PROBLEM DESCRIPTION >> From the line containing "From mathcomp Require Import ring." to the end of the entries, return every line exactly, both ends included, and add nothing.

== Segment start ==

(* Let $\mathcal{C}$ be a harmonic curve in $\mathbb{P}^2$ and let $P\mapsto p$ be a polarity of $\mathbb{P}^2$ whose set of absolute points $\{P: P\in p\}$ is exactly $\mathcal{C}$. Let $\mathcal{Q}$ be a quadrangle with vertices $A,C,B,D$ (in cyclic order) all lying on $\mathcal{C}$. Then $\mathcal{C}_{\mathcal{Q}}=\mathcal{C}$ if and only if the pole of the diagonal line $A\vee B$ lies on the other diagonal line $C\vee D$. Moreover, for any three distinct points $A,C,B\in\mathcal{C}$, letting $Q$ be the pole of $q=A\vee B$ (equivalently $Q=a\wedge b$, where $a,b$ are the polars of $A,B$) and $D=C\cdot\rho_{Q,q}$, the points $A,C,B,D$ are in general position, $D\in\mathcal{C}$, and the quadrangle $\mathcal{Q}$ with vertices $A,C,B,D$ satisfies $\mathcal{C}_{\mathcal{Q}}=\mathcal{C}$.
   Context: $\mathbb{P}^2$ denotes the projective plane over a field $F$ with $\operatorname{char}F\neq 2$. For distinct points $X,Y$, $X\vee Y$ is the line through them; for distinct lines $\ell,m$, $\ell\wedge m$ is their common point. Maps act on the right. Four distinct collinear points $A,C,B,D$ form a harmonic set with conjugate pairs $\{A,B\}$ and $\{C,D\}$ if the cross-ratio $(A,B;C,D)=-1$. Four distinct concurrent lines form a harmonic pencil with given conjugate pairs if some (equivalently every) line not through their common point meets them in a harmonic set with the corresponding conjugate pairs. For a point $P$ and a line $m$ with $P\notin m$, the harmonic reflection $\rho_{P,m}$ of $\mathbb{P}^2$ fixes $P$ and every point of $m$ and sends every other point $X$ to the harmonic conjugate of $X$ with respect to $P$ and $(X\vee P)\wedge m$. A polarity of $\mathbb{P}^2$ is a bijection $P\mapsto p$ from points to lines such that $P\in q\iff Q\in p$ for all points $P,Q$; $p$ is the polar of $P$ and $P$ the pole of $p$. A quadrangle $\mathcal{Q}$ with vertices $A,C,B,D$ (in cyclic order) consists of four points in general position (no three collinear) together with this cyclic order up to reversal; its diagonal lines are $A\vee B$ and $C\vee D$. The harmonic curve $\mathcal{C}_{\mathcal{Q}}$ is the set consisting of $A,C,B,D$ together with all points $Z\notin\{A,B,C,D\}$ such that $Z\vee A, Z\vee C, Z\vee B, Z\vee D$ are four distinct lines forming a harmonic pencil with conjugate pairs $\{Z\vee A,Z\vee B\}$ and $\{Z\vee C,Z\vee D\}$. A harmonic curve is any set of the form $\mathcal{C}_{\mathcal{Q}}$ (every harmonic curve is the set of absolute points of some polarity). *)

From HB Require Import structures.
From mathcomp Require Import all_boot all_order all_algebra.
Set Implicit Arguments. Unset Strict Implicit. Unset Printing Implicit Defensive.
Import Order.TTheory GRing.Theory.
Local Open Scope ring_scope.

Section Proj.
Variable F : fieldType.

(* A nonzero row vector of F^3 is normalized when its first nonzero
   coordinate equals 1.  Each point of P^2(F) has exactly one normalized
   representative, so points are identified with normalized vectors. *)
Definition normalized (v : 'rV[F]_3) : bool :=
  if v 0 0 != 0 then v 0 0 == 1
  else if v 0 1 != 0 then v 0 1 == 1
  else v 0 2%:R == 1.

(* points of P^2(F); lines are represented by their dual coordinates,
   i.e. also by elements of this type *)
Definition point := {v : 'rV[F]_3 | normalized v}.
Definition line := point.

Definition on (X : point) (l : line) : Prop :=
  \sum_(i < 3) (val X) 0 i * (val l) 0 i = 0.

Definition is_join (X Y : point) (l : line) : Prop :=
  X <> Y /\ on X l /\ on Y l.

Definition is_meet (l m : line) (X : point) : Prop :=
  l <> m /\ on X l /\ on X m.

Definition collinear (X Y Z : point) : Prop :=
  exists l, on X l /\ on Y l /\ on Z l.

(* Four distinct points A, B, C, D form a harmonic set with conjugate pairs
   {A,B} and {C,D}: they are collinear and (A,B;C,D) = -1.  Writing
   C = a A + b B and D = c A + d B (representatives), the cross-ratio is
   (A,B;C,D) = (b c)/(a d), so (A,B;C,D) = -1 iff b c + a d = 0. *)
Definition harmonic (A B C D : point) : Prop :=
  [/\ A <> B, A <> C, A <> D & B <> C] /\ [/\ B <> D & C <> D] /\
  exists a b c d : F,
    [/\ val C = a *: val A + b *: val B,
        val D = c *: val A + d *: val B &
        b * c + a * d = 0].

Definition harmonic_pencil (Z : point) (l1 l2 l3 l4 : line) : Prop :=
  [/\ l1 <> l2, l1 <> l3, l1 <> l4 & l2 <> l3] /\ [/\ l2 <> l4 & l3 <> l4] /\
  [/\ on Z l1, on Z l2, on Z l3 & on Z l4] /\
  exists m, ~ on Z m /\
    exists X1 X2 X3 X4,
      [/\ is_meet l1 m X1, is_meet l2 m X2, is_meet l3 m X3, is_meet l4 m X4
        & harmonic X1 X2 X3 X4].

Definition general_position (A C B D : point) : Prop :=
  [/\ A <> C, A <> B, A <> D & C <> B] /\ [/\ C <> D & B <> D] /\
  [/\ ~ collinear A C B, ~ collinear A C D, ~ collinear A B D
    & ~ collinear C B D].

(* The harmonic curve C_Q of the quadrangle with vertices A, C, B, D (in
   cyclic order), diagonals A \/ B and C \/ D. *)
Definition harmonic_curve_of (A C B D : point) (Z : point) : Prop :=
  Z = A \/ Z = C \/ Z = B \/ Z = D \/
  ([/\ Z <> A, Z <> C, Z <> B & Z <> D] /\
   exists la lc lb ld,
     [/\ is_join Z A la, is_join Z C lc, is_join Z B lb, is_join Z D ld
       & harmonic_pencil Z la lb lc ld]).

Definition is_harmonic_curve (S : point -> Prop) : Prop :=
  exists A C B D, general_position A C B D /\
    forall Z, S Z <-> harmonic_curve_of A C B D Z.

Definition is_polarity (pol : point -> line) : Prop :=
  bijective pol /\ forall P Q, on P (pol Q) <-> on Q (pol P).

Definition harmonic_reflection (P : point) (m : line) (X Y : point) : Prop :=
  ((X = P \/ on X m) /\ Y = X) \/
  (X <> P /\ ~ on X m /\
   exists n M, [/\ is_join X P n, is_meet n m M & harmonic P M X Y]).

End Proj.

(* In coordinates, the harmonic curve of a quadrangle [A, C, B, D] in general
   position is the zero set of the quadratic form [[zAC][zBD] + [zAD][zBC]]
   (brackets are 3x3 determinants), a nondegenerate conic with symmetric
   operator [K].  A polarity whose absolute points are exactly this conic is
   the polarity of [K]: the polar of an absolute point is its tangent, as it
   contains no other absolute point, and the polar of any other point is
   recovered from the polars of absolute points, four of which are in general
   position.  Everything then reduces to the bilinear form [b]
   of [K]: for [A, B, C] on the conic the pole of [A B] is
   [b(B,C) A + b(A,C) B - b(A,B) C] and the reflection of [C] is
   [D* = 2 b(B,C) A + 2 b(A,C) B - b(A,B) C].  In the triangle coordinates of
   [A, B, C] the harmonic curve of [A, C, B, D*] is the conic, and for [D] on
   the conic the pole of [A B] lies on [C D] exactly when [D] is [D*]. *)

From mathcomp Require Import all_boot all_order all_algebra.
From mathcomp Require Import ring.
Set Implicit Arguments. Unset Strict Implicit. Unset Printing Implicit Defensive.
Import GRing.Theory.
Local Open Scope ring_scope.

Definition vec3 (F : fieldType) (a b c : F) : 'rV[F]_3 :=
  \row_(i < 3) nth 0 [:: a; b; c] i.

Definition dotv (F : fieldType) (u v : 'rV[F]_3) :=
  u 0 0 * v 0 0 + u 0 1 * v 0 1 + u 0 2%:R * v 0 2%:R.
Definition crossv (F : fieldType) (u v : 'rV[F]_3) : 'rV[F]_3 :=
  vec3 (u 0 1 * v 0 2%:R - u 0 2%:R * v 0 1) (u 0 2%:R * v 0 0 - u 0 0 * v 0 2%:R)
       (u 0 0 * v 0 1 - u 0 1 * v 0 0).
Definition det3 (F : fieldType) (u v w : 'rV[F]_3) := dotv u (crossv v w).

== Segment end ==

SOLUTION TO THIS EXERCISE >>
From mathcomp Require Import ring.
Set Implicit Arguments. Unset Strict Implicit. Unset Printing Implicit Defensive.
Import GRing.Theory.
Local Open Scope ring_scope.

Definition vec3 (F : fieldType) (a b c : F) : 'rV[F]_3 :=
  \row_(i < 3) nth 0 [:: a; b; c] i.

Definition dotv (F : fieldType) (u v : 'rV[F]_3) :=
  u 0 0 * v 0 0 + u 0 1 * v 0 1 + u 0 2%:R * v 0 2%:R.
Definition crossv (F : fieldType) (u v : 'rV[F]_3) : 'rV[F]_3 :=
  vec3 (u 0 1 * v 0 2%:R - u 0 2%:R * v 0 1) (u 0 2%:R * v 0 0 - u 0 0 * v 0 2%:R)
       (u 0 0 * v 0 1 - u 0 1 * v 0 0).
Definition det3 (F : fieldType) (u v w : 'rV[F]_3) := dotv u (crossv v w).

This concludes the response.